In observational studies such as surveys, data are sampled from populations to describe the characteristics of the populations.
Causal relationships between variables are particularly important since they predict the effect of changing one variable on the other.
Causal relationships cannot be inferred from observational data since observed relationships may result from the influence of further unrecorded variables.
In experiments, the values of one variable are under the control of the researcher.
A well-designed experiment gives the researcher information about how changes to the controlled variable affect the response.
The problem being addressed by a project and its specific objectives should be clearly stated before data are collected. The researcher should also consider how the project results will be used.
Depending on the objectives of a project, it may be appropriate to conduct an experiment, a survey or both.
In experiments and surveys, data are collected from discrete units. Decisions about which measurements should be made from each unit must be guided by the objectives of the study.
When experiments and surveys are conducted with people rather than other types of unit, various practical issues complicate the design.

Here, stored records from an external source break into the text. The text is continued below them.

(* Let $E$ be an sc-Banach space and let $V$ be a partial quadrant in a finite-dimensional real vector space. Let $f:\mathcal O(V\oplus E,0)\to (E,0)$ be an $\mathrm{sc}^0$-contraction germ. Then there exists a uniquely determined $\mathrm{sc}^0$-germ $\delta:\mathcal O(V,0)\to (E,0)$ such that the graph germ $\mathrm{gr}(\delta):v\mapsto (v,\delta(v))$ satisfies $f\circ \mathrm{gr}(\delta)=0$, i.e. $f(v,\delta(v))=0$ for all $v$ near $0$.
   Context: An sc-Banach space is a Banach space $E$ together with a nested sequence of Banach spaces $E=E_0\supset E_1\supset E_2\supset\cdots$ such that for $m<n$ the inclusion $E_n\to E_m$ is a compact operator and $E_\infty=\bigcap_m E_m$ is dense in every $E_m$; $\|\cdot\|_m$ is the norm of $E_m$. A finite-dimensional space carries the constant structure $E_m=E$, and direct sums carry the levelwise structure $(E\oplus F)_m=E_m\oplus F_m$. A partial quadrant in a finite-dimensional space $F$ is a set $L([0,\infty)^k\oplus\mathbb R^{n-k})$ for a linear isomorphism $L:\mathbb R^n\to F$. For a closed subset $C$ of an sc-Banach space, $C_m=C\cap E_m$. A germ of neighborhoods $\mathcal O(C,0)$ is a decreasing sequence $U_0\supset U_1\supset\cdots$ where $U_m$ is a relatively open neighborhood of $0$ in $C_m$ (topology of $E_m$); germs are identified when they agree after shrinking these neighborhoods. An $\mathrm{sc}^0$-germ $f:\mathcal O(C,0)\to(F,0)$ into an sc-Banach space $F$ is a continuous map $f:U_0\to F_0$ with $f(0)=0$, $f(U_m)\subset F_m$ and $f:U_m\to F_m$ continuous for every $m$. An $\mathrm{sc}^0$-contraction germ is an $\mathrm{sc}^0$-germ $f:\mathcal O(V\oplus E,0)\to(E,0)$ of the form $f(v,u)=u-B(v,u)$ such that for every level $m\ge 0$ and every $0<\varepsilon<1$ one has $\|B(v,u)-B(v,u')\|_m\le\varepsilon\|u-u'\|_m$ for all $(v,u),(v,u')$ in some neighborhood of $(0,0)$ in $V\oplus E_m$ (depending on $m$ and $\varepsilon$). *)

From HB Require Import structures.
From mathcomp Require Import all_boot all_order all_algebra.
From mathcomp Require Import reals.
Set Implicit Arguments. Unset Strict Implicit. Unset Printing Implicit Defensive.
Import Order.TTheory GRing.Theory Num.Theory.
Local Open Scope ring_scope.

Section SC.
Variable R : realType.

(* A "level structure" on a carrier real vector space X:
   lev m = the subspace X_m (as a subset of X), nrm m = the norm of X_m. *)
Record scstr (X : lmodType R) := SCStr { lev : nat -> X -> Prop; nrm : nat -> X -> R }.

Definition subspace_on (X : lmodType R) (S : X -> Prop) : Prop :=
  S 0 /\ forall (a : R) x y, S x -> S y -> S (a *: x + y).

Definition norm_on (X : lmodType R) (S : X -> Prop) (N : X -> R) : Prop :=
  (forall x, S x -> 0 <= N x) /\
  (forall x, S x -> N x = 0 -> x = 0) /\
  (forall (a : R) x, S x -> N (a *: x) = `|a| * N x) /\
  (forall x y, S x -> S y -> N (x + y) <= N x + N y).

Definition converges_to (X : lmodType R) (N : X -> R) (u : nat -> X) (x : X) : Prop :=
  forall e : R, 0 < e -> exists K, forall i, (K <= i)%N -> N (u i - x) < e.

Definition complete_on (X : lmodType R) (S : X -> Prop) (N : X -> R) : Prop :=
  forall u : nat -> X, (forall i, S (u i)) ->
    (forall e : R, 0 < e -> exists K, forall i j, (K <= i)%N -> (K <= j)%N ->
        N (u i - u j) < e) ->
    exists x, S x /\ converges_to N u x.

Definition banach_on (X : lmodType R) (S : X -> Prop) (N : X -> R) : Prop :=
  subspace_on S /\ norm_on S N /\ complete_on S N.

Definition compact_incl (X : lmodType R) (S : scstr X) (n m : nat) : Prop :=
  forall u : nat -> X, (forall i, lev S n (u i)) ->
    (exists M : R, forall i, nrm S n (u i) <= M) ->
    exists phi : nat -> nat, (forall i, (phi i < phi i.+1)%N) /\
      exists x, lev S m x /\ converges_to (nrm S m) (fun i => u (phi i)) x.

Definition is_scBanach (X : lmodType R) (S : scstr X) : Prop :=
  (forall x : X, lev S 0 x) /\
  (forall m, banach_on (lev S m) (nrm S m)) /\
  (forall m x, lev S m.+1 x -> lev S m x) /\
  (forall m n, (m < n)%N -> compact_incl S n m) /\
  (forall m x, lev S m x -> forall e : R, 0 < e ->
     exists y, (forall k, lev S k y) /\ nrm S m (y - x) < e).

Definition rvnorm (n : nat) (x : 'rV[R]_n) : R := \big[Num.max/0]_(i < n) `|x 0 i|.

Definition const_sc (n : nat) : scstr 'rV[R]_n :=
  @SCStr _ (fun _ _ => True) (fun _ x => rvnorm x).

Definition dsum_sc (X Y : lmodType R) (S : scstr X) (T : scstr Y) : scstr (X * Y)%type :=
  @SCStr _ (fun m p => lev S m p.1 /\ lev T m p.2)
           (fun m p => Num.max (nrm S m p.1) (nrm T m p.2)).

Experiments are conducted to assess the effect of some categorical or numerical explanatory variable on a response. Experiments are characterised by the fact that the researcher can control the values of the explanatory variable that are used.
In many experiments, the units on which the experiment is conducted are not identical. The varying characteristics of the experimental units may affect the response.
If the treatments are badly allocated to experimental units, the experiment may over- or under-estimate their effect.
If the experimental units that are chosen to get one treatment also differ in other ways, it will be impossible to tell whether it is the treatment or the other distinct characteristics of the units that affects the response.
Random allocation of treatments to experimental units avoids systematic over- or under-estimation of treatment effects.
If each treatment is used in more than one experimental unit, unit-to-unit variability can be assessed. This gives information about whether differences between the treatments are more than chance differences.
By grouping similar experimental units into blocks and randomly allocating treatments within blocks, the treatment effects can be estimated more accurately.
Varying the values of the controlled factors causes some variability in the response -- explained variation. In some kinds of experiment, there is known structure to the experimental units that also results in explained variation. Other variation remains unexplained.
Explained variation in the response is modelled with a function for the response mean that involves the levels of the factors (constants) and some unknown parameters. Unexplained variation is modelled with a probability distribution.
In normal models, the response is the sum of a component that depends on on the experimental factors and structure of the experimental units, and an error term that a normal distribution with mean zero and constant standard deviation.
The model for the explained variation usually involves unknown parameters. These can be estimated by least squares.